Watch Dogs: how Ubisoft's cramming Chicago into Xbox One
A chat about hackers, Assassin's Creed and cyber-terrorism
Ubisoft's Eric Baillargeon and Lars Bonde are preoccupied with very different sides of the same puzzle. As lead gameplay programmer, Baillargeon is responsible for the environmental systems that, we're told, make the bubbling, shifting world of Watch Dogs such a fun place to be - the crowds, the wind, the car physics, how and where exactly the game's missions emerge from its incidental distractions.
As cinematic animation lead, meanwhile, Bonde is responsible for the game's body language, the tricks of posture and gesture that separate its brooding lead, Aiden Pearce, from the rest of Chicago.

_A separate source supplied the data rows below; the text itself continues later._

Lemma qpoch_bounds b k : 0 <= b <= 1 ->
  0 <= qpoch b p k <= 1 /\ 1 - b * (1 - p ^ k) / (1 - p) <= qpoch b p k.
Proof.
  intros Hb. induction k as [|k [[Hk0 Hk1] Hlow]].
  - simpl. replace (b * (1 - 1) / (1 - p)) with 0 by (field; lra). lra.
  - simpl. pose proof (Rmult_unit_interval b (p ^ k) Hb (pow_unit_interval p k ltac:(lra))).
    replace (b * (1 - p * p ^ k) / (1 - p)) with (b * (1 - p ^ k) / (1 - p) + b * p ^ k)
      by (field; lra).
    nra.
Qed.

Lemma qpoch_pos b k : 0 <= b < 1 -> 0 < qpoch b p k.
Proof.
  intros Hb. induction k as [|k IH]; simpl; [lra|].
  pose proof (pow_unit_interval p k ltac:(lra)).
  apply Rmult_lt_0_compat; [exact IH|].
  assert (b * p ^ k <= b * 1) by (apply Rmult_le_compat_l; lra). lra.
Qed.

Lemma qpoch_decr b k : 0 <= b <= 1 -> qpoch b p (S k) <= qpoch b p k.
Proof.
  intros Hb. simpl. pose proof (pow_unit_interval p k ltac:(lra)).
  destruct (qpoch_bounds b k Hb) as [Hk _].
  assert (0 <= b * p ^ k) by (apply Rmult_le_pos; lra). nra.
Qed.

Lemma is_lim_seq_qpoch b : 0 <= b <= 1 -> is_lim_seq (qpoch b p) (qpoch_inf b p).
Proof.
  intros Hb.
  assert (Hf : ex_finite_lim_seq (qpoch b p)).
  { apply ex_finite_lim_seq_decr with 0.
    - intros n. apply qpoch_decr, Hb.
    - intros n. apply (qpoch_bounds b n Hb). }
  exact (Lim_seq_correct' _ Hf).
Qed.

Lemma qpoch_inf_bounds b : 0 <= b <= 1 -> 1 - b / (1 - p) <= qpoch_inf b p <= 1.
Proof.
  intros Hb. pose proof (is_lim_seq_qpoch b Hb) as Hl. split.
  - change (Rbar_le (1 - b / (1 - p)) (qpoch_inf b p)).
    apply (is_lim_seq_le (fun _ => 1 - b / (1 - p)) (qpoch b p)); auto.
    2: apply is_lim_seq_const.
    intros n. eapply Rle_trans; [|apply (qpoch_bounds b n Hb)].
    pose proof (pow_unit_interval p n ltac:(lra)).
    apply Rplus_le_compat_l, Ropp_le_contravar.
    unfold Rdiv. apply Rmult_le_compat_r; [apply Rlt_le, Rinv_0_lt_compat; lra | nra].
  - change (Rbar_le (qpoch_inf b p) 1).
    apply (is_lim_seq_le (qpoch b p) (fun _ => 1)); auto.
    2: apply is_lim_seq_const.
    intros n. apply (qpoch_bounds b n Hb).
Qed.

Lemma qpoch_inf_le_qpoch b k : 0 <= b <= 1 -> qpoch_inf b p <= qpoch b p k.
Proof.
  intros Hb. apply (is_lim_seq_decr_compare _ _ (is_lim_seq_qpoch b Hb)).
  intros n. apply qpoch_decr, Hb.
Qed.

(* Split off a finite product; the remaining tail [(p^(N+1);p)_oo] is close to 1. *)
Lemma qpoch_inf_self_pos : 0 < qpoch_inf p p.
Proof.
  destruct (pow_lt_1_zero p ltac:(rewrite Rabs_pos_eq; lra) (1 - p) ltac:(lra)) as [N HN].
  specialize (HN N (le_n N)). rewrite Rabs_pos_eq in HN by (apply pow_le; lra).
  rewrite (qpoch_inf_split p p N).
  pose proof (pow_unit_interval p N ltac:(lra)).
  assert (Hb : 0 <= p * p ^ N <= 1) by nra.
  pose proof (qpoch_inf_bounds _ Hb) as [Hlow _].
  assert (p * p ^ N / (1 - p) < 1)
    by (apply Rmult_lt_reg_r with (1 - p); [lra|]; field_simplify; nra).
  apply Rmult_lt_0_compat; [apply qpoch_pos; lra | lra].
Qed.

End QPochhammerBounds.

(** * Euler's series for the infinite product *)

(* [euler_coef p k = (-1)^k p^(k(k-1)/2) / (p;p)_k]: Euler's expansion of [(a;p)_oo] in [a]. *)
Fixpoint euler_coef (p : R) (k : nat) : R :=
  match k with
  | O => 1
  | S k' => euler_coef p k' * (- p ^ k' / (1 - p ^ S k'))
  end.

Definition euler_series (p a : R) : R := PSeries (euler_coef p) a.

Section EulerSeries.

Variable p : R.
Hypothesis Hp : 0 < p < 1.

Lemma pow_S_lt_1 k : 0 < p ^ S k < 1.
Proof. split; [apply pow_lt; lra | apply pow_lt_1_compat; [lra | lia]]. Qed.

Lemma euler_coef_neq0 k : euler_coef p k <> 0.
Proof.
  induction k as [|k IH]; simpl; [lra|].
  pose proof (pow_S_lt_1 k). pose proof (pow_lt p k ltac:(lra)). simpl in *.
  apply Rmult_integral_contrapositive_currified; [exact IH|].
  apply Rmult_integral_contrapositive_currified; [lra | apply Rinv_neq_0_compat; lra].
Qed.

Lemma CV_radius_euler_coef : CV_radius (euler_coef p) = p_infty.
Proof.
  apply CV_radius_infinite_DAlembert; [apply euler_coef_neq0|].
  assert (Hgeom : is_lim_seq (fun n => p ^ n) 0)
    by (apply is_lim_seq_geom; rewrite Rabs_pos_eq; lra).
  assert (Hden : is_lim_seq (fun n => 1 - p * p ^ n) (1 - p * 0))
    by (apply is_lim_seq_minus'; [apply is_lim_seq_const|];
        apply is_lim_seq_mult'; [apply is_lim_seq_const | exact Hgeom]).
  pose proof (is_lim_seq_div' _ _ _ _ Hgeom Hden ltac:(lra)) as Hratio.
  replace (0 / (1 - p * 0)) with 0 in Hratio by (field; lra).
  eapply is_lim_seq_ext; [|exact Hratio]. intros n. simpl.
  pose proof (euler_coef_neq0 n). pose proof (pow_S_lt_1 n). pose proof (pow_lt p n ltac:(lra)).
  simpl in *.
  replace (euler_coef p n * (- p ^ n / (1 - p * p ^ n)) / euler_coef p n)
    with (- (p ^ n / (1 - p * p ^ n))) by (field; lra).
  rewrite Rabs_Ropp, Rabs_pos_eq; [reflexivity | apply Rlt_le, Rdiv_lt_0_compat; lra].
Qed.

Lemma ex_series_euler x : ex_series (fun k => euler_coef p k * x ^ k).
Proof.
  apply ex_series_Rabs, CV_disk_inside. rewrite CV_radius_euler_coef. exact I.
Qed.

Lemma euler_series_Sl a : euler_series p a = (1 - a) * euler_series p (a * p).
Proof.
  unfold euler_series, PSeries.
  enough (Series (fun k => euler_coef p k * a ^ k) - Series (fun k => euler_coef p k * (a * p) ^ k)
          = - a * Series (fun k => euler_coef p k * (a * p) ^ k)) by lra.
  rewrite <- Series_minus by apply ex_series_euler.
  rewrite Series_incr_1
    by (apply (ex_series_minus (V := R_NormedModule)); apply ex_series_euler).
  rewrite <- Series_scal_l. simpl. rewrite Rminus_diag, Rplus_0_l.
  apply Series_ext. intros n. simpl. pose proof (pow_S_lt_1 n). simpl in *.
  rewrite Rpow_mult_distr. field. lra.
Qed.

Lemma continuity_pt_euler_series a : continuity_pt (euler_series p) a.
Proof.
  apply continuity_pt_filterlim, (ex_derive_continuous (V := R_NormedModule)).
  apply ex_derive_PSeries. rewrite CV_radius_euler_coef. exact I.
Qed.

Lemma euler_series_0 : euler_series p 0 = 1.
Proof. apply PSeries_0. Qed.

Lemma qpoch_inf_minus_euler_split a n :
  qpoch_inf a p - euler_series p a
  = qpoch a p n * (qpoch_inf (a * p ^ n) p - euler_series p (a * p ^ n)).
Proof.
  induction n as [|n IH]; cbn [qpoch pow]; [rewrite !Rmult_1_r; ring|].
  rewrite IH, (qpoch_inf_Sl (a * p ^ n)), (euler_series_Sl (a * p ^ n)).
  replace (a * (p * p ^ n)) with (a * p ^ n * p) by ring. ring.
Qed.

(* [D = (.;p)_oo - E] satisfies [|D b| <= |D (b p^N)|] on [[0, 1]], and [D] is continuous at [0]
   with [D 0 = 0]. *)
Lemma qpoch_inf_euler_unit b : 0 <= b <= 1 -> qpoch_inf b p = euler_series p b.
Proof.
  intros Hb.
  set (D := fun x => qpoch_inf x p - euler_series p x).
  assert (Hpow : is_lim_seq (fun n => b * p ^ n) 0).
  { replace (Finite 0) with (Rbar_mult b 0) by (simpl; f_equal; ring).
    apply is_lim_seq_scal_l, is_lim_seq_geom. rewrite Rabs_pos_eq; lra. }
  assert (Hunit : forall n, 0 <= b * p ^ n <= 1)
    by (intros n; apply Rmult_unit_interval, pow_unit_interval; lra).
  assert (HP : is_lim_seq (fun n => qpoch_inf (b * p ^ n) p) 1).
  { apply is_lim_seq_le_le with (fun n => 1 - b * p ^ n / (1 - p)) (fun _ => 1).
    - intros n. apply (qpoch_inf_bounds p Hp), Hunit.
    - replace (Finite 1) with (Finite (1 - 0 / (1 - p))) by (f_equal; field; lra).
      apply is_lim_seq_minus'; [apply is_lim_seq_const|].
      apply is_lim_seq_div'; [exact Hpow | apply is_lim_seq_const | lra].
    - apply is_lim_seq_const. }
  assert (HE : is_lim_seq (fun n => euler_series p (b * p ^ n)) 1).
  { rewrite <- euler_series_0.
    apply is_lim_seq_continuous; [apply continuity_pt_euler_series | exact Hpow]. }
  pose proof (is_lim_seq_abs _ _ (is_lim_seq_minus' _ _ _ _ HP HE)) as HD.
  simpl in HD. rewrite Rminus_diag, Rabs_R0 in HD.
  assert (Hle : Rbar_le (Rabs (D b)) 0).
  { apply (is_lim_seq_le (fun _ => Rabs (D b)) _ _ _) with (2 := is_lim_seq_const _) (3 := HD).
    intros n. unfold D. rewrite (qpoch_inf_minus_euler_split b n), Rabs_mult.
    rewrite <- (Rmult_1_l (Rabs (_ - _))) at 2.
    apply Rmult_le_compat_r; [apply Rabs_pos|].
    rewrite Rabs_pos_eq; apply (qpoch_bounds p Hp); lra. }
  pose proof (Rabs_pos (D b)). simpl in Hle.
  assert (D b = 0) by (apply Rabs_eq_0; lra). unfold D in *. lra.
Qed.

Lemma qpoch_inf_euler a : 0 <= a -> qpoch_inf a p = euler_series p a.
Proof.
  intros Ha.
  destruct (pow_lt_1_zero p ltac:(rewrite Rabs_pos_eq; lra) (/ (a + 1))
              ltac:(apply Rinv_0_lt_compat; lra)) as [N HN].
  specialize (HN N (le_n N)). rewrite Rabs_pos_eq in HN by (apply pow_le; lra).
  assert (Hsmall : 0 <= a * p ^ N <= 1).
  { pose proof (pow_le p N ltac:(lra)). split; [apply Rmult_le_pos; lra|].
    apply Rmult_lt_compat_l with (r := a + 1) in HN; [|lra].
    rewrite Rinv_r in HN by lra. nra. }
  enough (qpoch_inf a p - euler_series p a = 0) by lra.
  rewrite (qpoch_inf_minus_euler_split a N), qpoch_inf_euler_unit by exact Hsmall. ring.
Qed.

End EulerSeries.

(** * The reciprocal q-Gamma function *)

Lemma Rabs_PSeries_le (c : nat -> R) a a1 : CV_radius c = p_infty -> 0 <= a <= a1 ->
  Rabs (PSeries c a) <= Series (fun k => Rabs (c k * a1 ^ k)).
Proof.
  intros Hc Ha. unfold PSeries.
  assert (Hex : forall x, ex_series (fun k => Rabs (c k * x ^ k)))
    by (intros x; apply CV_disk_inside; rewrite Hc; exact I).
  eapply Rle_trans; [apply Series_Rabs, Hex|].
  apply Series_le; [|apply Hex]. intros n. split; [apply Rabs_pos|].
  rewrite !Rabs_mult. apply Rmult_le_compat_l; [apply Rabs_pos|].
  rewrite !Rabs_pos_eq by (apply pow_le; lra). apply pow_incr; lra.
Qed.

Lemma exp_le_mono x y : x <= y -> exp x <= exp y.
Proof. intros [H|H]; [left; apply exp_increasing, H | right; subst; reflexivity]. Qed.

Lemma Rpower_pos a x : 0 < a -> 0 < Rpower a x.
Proof. intros. apply exp_pos. Qed.

Lemma ln_lt_0 a : 0 < a < 1 -> ln a < 0.
Proof. intros. rewrite <- ln_1. apply ln_increasing; lra. Qed.

Lemma Rle_Rpower_lt_1 a x y : 0 < a < 1 -> y <= x -> Rpower a x <= Rpower a y.
Proof. intros Ha Hxy. unfold Rpower. apply exp_le_mono. pose proof (ln_lt_0 a Ha). nra. Qed.

(* [1 / Gamma_p(x)] through Euler's series: smooth in [x] and [0] at the poles of [Gamma_p]. *)
Definition qrgamma (p x : R) : R :=
  euler_series p (Rpower p x) * Rpower (1 - p) (x - 1) / qpoch_inf p p.

Definition euler_series_deriv (p a : R) : R := PSeries (PS_derive (euler_coef p)) a.

Definition qrgamma_deriv (p x : R) : R :=
  (Rpower p x * ln p * euler_series_deriv p (Rpower p x) * Rpower (1 - p) (x - 1)
   + euler_series p (Rpower p x) * (Rpower (1 - p) (x - 1) * ln (1 - p))) / qpoch_inf p p.

Definition qnum (p x : R) : R := (1 - Rpower p x) / (1 - p).

Definition qnum_deriv (p x : R) : R := - (Rpower p x * ln p) / (1 - p).

Section ReciprocalQGamma.

Variable p : R.
Hypothesis Hp : 0 < p < 1.

Let A_pos : 0 < qpoch_inf p p := qpoch_inf_self_pos p Hp.

Lemma qGamma_qrgamma x : qGamma p x = / qrgamma p x.
Proof.
  unfold qGamma, qrgamma.
  rewrite (qpoch_inf_euler p Hp (Rpower p x)) by (apply Rlt_le, Rpower_pos; lra).
  replace (x - 1) with (- (1 - x)) by ring. rewrite Rpower_Ropp.
  unfold Rdiv. rewrite !Rinv_mult, !Rinv_inv. ring.
Qed.

Lemma qrgamma_S x : qrgamma p x = qnum p x * qrgamma p (x + 1).
Proof.
  unfold qrgamma, qnum. rewrite (euler_series_Sl p Hp), Rpower_plus, Rpower_1 by lra.
  replace (x + 1 - 1) with x by ring.
  replace (x - 1) with (x + - (1)) by ring.
  rewrite Rpower_plus, Rpower_Ropp, Rpower_1 by lra.
  field. lra.
Qed.

Lemma qrgamma_1 : qrgamma p 1 = 1.
Proof.
  unfold qrgamma. rewrite Rpower_1, <- (qpoch_inf_euler p Hp), Rminus_diag, Rpower_O by lra.
  field. lra.
Qed.

Lemma qrgamma_nonpos_int m : qrgamma p (- INR m) = 0.
Proof.
  induction m as [|m IH]; rewrite qrgamma_S.
  - unfold qnum. cbn [INR]. rewrite Ropp_0, Rpower_O by lra. unfold Rdiv. ring.
  - rewrite S_INR. replace (- (INR m + 1) + 1) with (- INR m) by ring. rewrite IH. ring.
Qed.

Lemma qrgamma_pos_int_neq0 m : qrgamma p (INR m + 1) <> 0.
Proof.
  induction m as [|m IH]; [rewrite Rplus_0_l, qrgamma_1; lra|].
  intros H. apply IH. rewrite qrgamma_S, <- S_INR, H. ring.
Qed.

Lemma is_derive_euler_series a : is_derive (euler_series p) a (euler_series_deriv p a).
Proof.
  apply is_derive_PSeries. rewrite (CV_radius_euler_coef p Hp). exact I.
Qed.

During my time with the game in Paris last month, I had the chance to speak to both.
Watch Dogs was the highlight of last year's E3 - a real standout. Were you taken aback by the reaction?
LB: I've said it before actually - E3 last year, we knew we had something special, and it was really exciting, but you never really know. It kind of happened that everyone on the team was just like 'yes, finally we can communicate about it', and that's a good reward.
EB: Yeah, we knew we had something special on our hands. You can tell when you develop something that's so different, with the gameplay mechanics we put in. The reaction? We didn't know, but it was really appreciated by the team - it gave us the will to push further.
This has been in development since 2010. You've been working towards estimated next generation console specs for some time. Has that been difficult?
EB: Like we said before, when we built the new game engine we tried to make it scalable. And it's up to us, when we're putting things in the game, to make them scale so that we can support a new generation of consoles.
One example I always give is the living city, that's something we can play with depending on the consoles we're playing with. We've worked with what we can potentially synch up with future hardware, but we're not magicians, we can't read the future. So when we built the different tech inside the engine, we tried to make sure that it would fit current gen, next gen, maybe even next-next gen. Because we want it to be scalable enough to use for years to come.
Is it as easy as unticking a box, when you disable and enable features to suit the platform's technical capabilities?
LB: In essence, it is.
EB: It's up to developers to decide what parameters we can expose, to make things easier on different platforms, because for us it's really important that it's the same gameplay. The game will be the same. What will change will be the richness of the simulation, the graphics for instance will be better, the simulation of the city will be different, but the essence of the gameplay, the core of it will be the same.
LB: Ubisoft is great at telling us 'just go - go as far as you can'. Especially from my point of view - create the best you can. You prepare the rigs, we make sure we can adapt along the way. Have you fiddled with the core ideas much during development, then?
EB: The entire team has been very focused, really since the origin of the project. The core mechanics and essence of what is now Watch Dogs were our goals from the beginning. Some might have failed, some will change, but in the end we've been very dedicated, we've focused on the right things.